Eating From the Trash Can: Amante, Chicken Parm, And Seattle’s Existential Despair

Dear reader, you are witnessing what I am pretty sure is the death of all hope that Seattle will ever get Italian food right. For want and lack of a proper cheap Italian experience, I set my sights on Capitol Hill’s Amante Pizza (9 Olive Way E, where Denny Way and Summit Avenue come together and where I get horrifically lost every time I try to walk there and you can just abandon all hope if you drive), a place with nicer atmosphere than an Olive Garden while serving what to the best of my understanding is the same reheated frozen food from a mass-market supplier and charging a premium price for it.
Or, put another way, it’s Robert Irvine and Gordon Ramsay going apoplectic at someone who think this is fine dining in back-of-house.
I mean, I’m not the world’s greatest photographer, especially with an LG K10 smartphone doing the bulk of the heavy lifting and my complete lack of artistic sensibility informing the quality of these shots, but if the cheese blend on this pasta dish looks like it should have the texture of an egg white omelette, that’s only because it has the texture of an egg white omelette.
The chicken commits a greater sin; it never rises above the level of quality of a chicken patty on a dollar menu chicken sandwich from a fast food joint — you know the type, the oversized chicken nugget you get on the chicken BLT in a Wendy’s 4-for-$4 meal. I mean, it’s a whole chicken filet, don’t get me wrong, but it doesn’t rise to the distinction that you’d expect from Wendy’s offering or even Burger King’s underrated Tendercrisp sandwich (it is, however, a fair piece better than McDonald’s version, so it’s got that going for it.)
The spaghetti they serve it over? Well, OK, it’s decent. As in it isn’t cooked to death nor served the super al dente that tends to get gritty in your back teeth. If a sit-down restaurant wants to charge $15.99 (and yes, that was the ask for this glorified fast food) for a pasta dish, this barely achieves the minimum acceptable standard. For 16 bucks I wanted it as good as I make it at home with a 99-cent box of Great Value and a three-dollar jar of Prego, and I’m not even sure they managed that (plus, that $3.99 serves four people who aren’t me.)
Although even that might be being overly kind, since this same dish cost me $9.29 when I ordered it from a corner joint in Connecticut this spring (College Pizza in Mansfield Center, to be specific), and any New Englander knows that “pretentious” and Italian food go together like vegans and a barbecue cookoff. Plus, the stuff anywhere in the Northeast corridor’s gonna taste better.
Come to think of it, even if I breaded and pan-fried this much chicken myself, I’d only be out three bucks if I used breasts and two if I used the vastly superior boneless thigh, and the breading would have actual flavor. So we’re talking three bucks’ worth of food for 16 and I don’t pay tax and tip when I make it at home so we’re talking 14 cents on the dollar.

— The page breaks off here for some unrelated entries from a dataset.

(* There exists a joint distribution $\mathbf{p}$ of random variables $(Y,\mathbf{B},A,Z^* )$, with $Y\in\{0,1\}$, $A\in\{0,1\}$, $\mathbf{B}$ taking values in $\mathcal{X}^b\subseteq\mathbb{R}^n$, and $Z^*=Z$ if $A=1$ and $Z^*=\texttt{N/A}$ if $A=0$ (where $Z$ is real-valued), such that the model $$f_{\text{csp}}(\mathbf{b},a,z^* )=\begin{cases}\mathbb{E}[Y\mid \mathbf{B}=\mathbf{b},A=1] & \text{if } a=0,\\ \mathbb{E}[Y\mid \mathbf{B}=\mathbf{b},A=1,Z^*=z^*] & \text{if } a=1\end{cases}$$ has strictly larger expected squared loss than the base model $f^*_{\text{base}}(\mathbf{b})=\mathbb{E}[Y\mid \mathbf{B}=\mathbf{b}]$, i.e. $$\mathbb{E}\big[(Y-f^*_{\text{base}}(\mathbf{B}))^2\big]<\mathbb{E}\big[(Y-f_{\text{csp}}(\mathbf{B},A,Z^* ))^2\big].$$
   Context: Setting: each individual has base features $\mathbf{b}\in\mathcal{X}^b\subseteq\mathbb{R}^n$, an optional real-valued feature $z$, an availability indicator $a\in\{0,1\}$ (whether $z$ was disclosed), and observed imputed value $z^*=z$ if $a=1$ and $z^*=\texttt{N/A}$ if $a=0$; the label is $Y$. $f_{\text{csp}}$ is the model obtained by imposing conditional statistical parity $\mathbb{E}[\hat Y\mid \mathbf{B}=\mathbf{b},A=0]=\mathbb{E}[\hat Y\mid \mathbf{B}=\mathbf{b},A=1]$ together with predicting the conditional mean given all information when $a=1$. *)

From HB Require Import structures.
From mathcomp Require Import all_boot all_order all_algebra.
From mathcomp Require Import reals.
Set Implicit Arguments. Unset Strict Implicit. Unset Printing Implicit Defensive.
Import Order.TTheory GRing.Theory Num.Theory.
Local Open Scope ring_scope.

(* An outcome (y, b, a, z^* ) : y in {0,1}, b in R^n, a in {0,1},
   z^* : option R, with None standing for N/A. *)
Definition outcome (R : realType) (n : nat) : Type :=
  (bool * 'rV[R]_n * bool * option R)%type.

Section Dist.
Variables (R : realType) (n : nat).
Definition oY (t : outcome R n) : R := (t.1.1.1)%:R.
Definition oB (t : outcome R n) : 'rV[R]_n := t.1.1.2.
Definition oA (t : outcome R n) : bool := t.1.2.
Definition oZ (t : outcome R n) : option R := t.2.

(* A finitely supported distribution: list of (probability mass, outcome). *)
Definition fdist := seq (R * outcome R n).

Definition prob (p : fdist) (P : pred (outcome R n)) : R :=
  \sum_(x <- p | P x.2) x.1.

Definition condEY (p : fdist) (P : pred (outcome R n)) : R :=
  (\sum_(x <- p | P x.2) x.1 * oY x.2) / prob p P.

Definition sq_loss (p : fdist) (f : outcome R n -> R) : R :=
  \sum_(x <- p) x.1 * (oY x.2 - f x.2) ^+ 2.

Definition valid_dist (p : fdist) : Prop :=
  (forall x, x \in p -> 0 < x.1) /\
  \sum_(x <- p) x.1 = 1 /\
  (forall x, x \in p -> (oA x.2 = false <-> oZ x.2 = None)).

Definition f_base (p : fdist) (t : outcome R n) : R :=
  condEY p (fun s => oB s == oB t).

Definition f_csp (p : fdist) (t : outcome R n) : R :=
  if oA t then condEY p (fun s => [&& oB s == oB t, oA s & oZ s == oZ t])
  else condEY p (fun s => (oB s == oB t) && oA s).

(* f_csp is well defined on the support: P(B = b, A = 1) > 0 for every
   b in the support (the a = 1 conditioning events automatically have
   positive mass since they contain the atom itself). *)
Definition csp_well_defined (p : fdist) : Prop :=
  forall x, x \in p -> 0 < prob p (fun s => (oB s == oB x.2) && oA s).
End Dist.

(* The counterexample has a single base value b = 0 and two atoms:
   with mass q an individual with Y = 1 who does not disclose z (A = 0),
   and with mass 1 - q an individual with Y = 0 who discloses z = 0 (A = 1).
   The base model predicts E[Y | B = 0] = q everywhere, so its loss is the
   Bernoulli variance q (1 - q).  The parity-constrained model must predict
   for the non-disclosing group what it predicts for the disclosing group,
   namely E[Y | B = 0, A = 1] = 0; it is exact on the second atom but pays
   the full loss 1 on the first, so its loss is q > q (1 - q). *)
From HB Require Import structures.
From mathcomp Require Import all_boot all_order all_algebra.
From mathcomp Require Import reals.
From mathcomp Require Import ring.
Import Order.TTheory GRing.Theory Num.Theory.
Local Open Scope ring_scope.

Section TwoAtomCounterexample.
Variables (R : realType) (n : nat) (q : R).
Hypotheses (q_gt0 : 0 < q) (q_lt1 : q < 1).

Definition atom_hidden : outcome R n := (true, 0, false, None).

Definition atom_shown : outcome R n := (false, 0, true, Some 0).

Definition witness : fdist R n := [:: (q, atom_hidden); (1 - q, atom_shown)].

Lemma witness_valid : valid_dist witness.
Proof.
split; [|split].
- by move=> x; rewrite !inE => /orP[]/eqP-> //=; rewrite subr_gt0.
- by rewrite !big_cons big_nil /= addr0 subrKC.
- by move=> x; rewrite !inE => /orP[]/eqP->.
Qed.

Lemma prob_shown : prob witness (fun s => (oB s == 0) && oA s) = 1 - q.
Proof. by rewrite /prob !big_cons big_nil /= eqxx /= addr0. Qed.

Lemma witness_csp_well_defined : csp_well_defined witness.
Proof.
by move=> x; rewrite !inE => /orP[]/eqP-> /=; rewrite prob_shown subr_gt0.
Qed.

(* Both atoms share B = 0, so the base model is the overall mean of Y. *)
Lemma f_base_witness (t : outcome R n) : oB t = 0 -> f_base witness t = q.
Proof.
move=> Bt; rewrite /f_base /condEY /prob Bt !big_cons !big_nil /=.
by rewrite /oY /oB /= eqxx /= mulr1 mulr0 !addr0 subrKC divr1.
Qed.

(* Conditioning on A = 1 (and Z^* = 0) only sees the second atom, where Y = 0. *)
Lemma f_csp_witness (t : outcome R n) :
  t \in [:: atom_hidden; atom_shown] -> f_csp witness t = 0.
Proof.
by rewrite !inE => /orP[]/eqP->;
  rewrite /f_csp /= /condEY !big_cons big_nil /= /oY /oB /oA /= !eqxx /=
    mulr0 addr0 mul0r.
Qed.

Lemma sq_loss_base_witness : sq_loss witness (f_base witness) = q * (1 - q).
Proof.
rewrite /sq_loss !big_cons big_nil !f_base_witness // /oY /=; ring.
Qed.

(* The parity model errs by 1 on the hidden atom and is exact on the other. *)
Lemma sq_loss_csp_witness : sq_loss witness (f_csp witness) = q.
Proof.
rewrite /sq_loss !big_cons big_nil /= !f_csp_witness ?inE ?eqxx ?orbT //.
rewrite /oY /=; ring.
Qed.

(* q (1 - q) < q because q^2 > 0. *)
Lemma witness_csp_worse :
  sq_loss witness (f_base witness) < sq_loss witness (f_csp witness).
Proof.
by rewrite sq_loss_base_witness sq_loss_csp_witness mulrBr mulr1 gtrBl mulr_gt0.
Qed.

End TwoAtomCounterexample.

Theorem lemma3p1 (R : realType) (n : nat) :
  exists p : fdist R n,
    valid_dist p /\ csp_well_defined p /\
    sq_loss p (f_base p) < sq_loss p (f_csp p).
Proof.
have half_gt0 : 0 < 2^-1 :> R by rewrite invr_gt0 ltr0n.
have half_lt1 : 2^-1 < 1 :> R by rewrite invf_lt1 ?ltr0n ?ltr1n.
exists (witness R n 2^-1); split; [|split].
- exact: witness_valid.
- exact: witness_csp_well_defined.
- exact: witness_csp_worse.
Qed.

What I’m saying is this is perfectly mediocre Italian food served in an atmosphere that is at least nice enough to take a date even as you’re going to get reamed in the wallet for the privilege relative to the value on offer.
At that point, why not just go to Olive Garden? Besides the existential despair that once led a girlfriend of mine, upon arrival there with me one Sunday afternoon, to quip “is this what our relationship has come to”, I mean. (gods, I miss that girl.)
PROS: The food is decent, the atmosphere is nice enough that you wouldn’t be embarrassing yourself taking a date here, and it gets you out of the house.
CONS: They’re charging restaurant-with-a-chef prices for reheated frozen chicken, the cheese is comically overcooked to the degree where it gets rubbery, and if you can’t nail the pasta texture, you shouldn’t be serving Italian food for real money. This perpetuates my belief that there is literally no good Italian food worth eating in all of Seattle, and it’s not just me being an area snob from having grown up in Boston.
THE VERDICT: 2 out of 5 stars. Barely passable but there are so many better places to spend 20 bucks.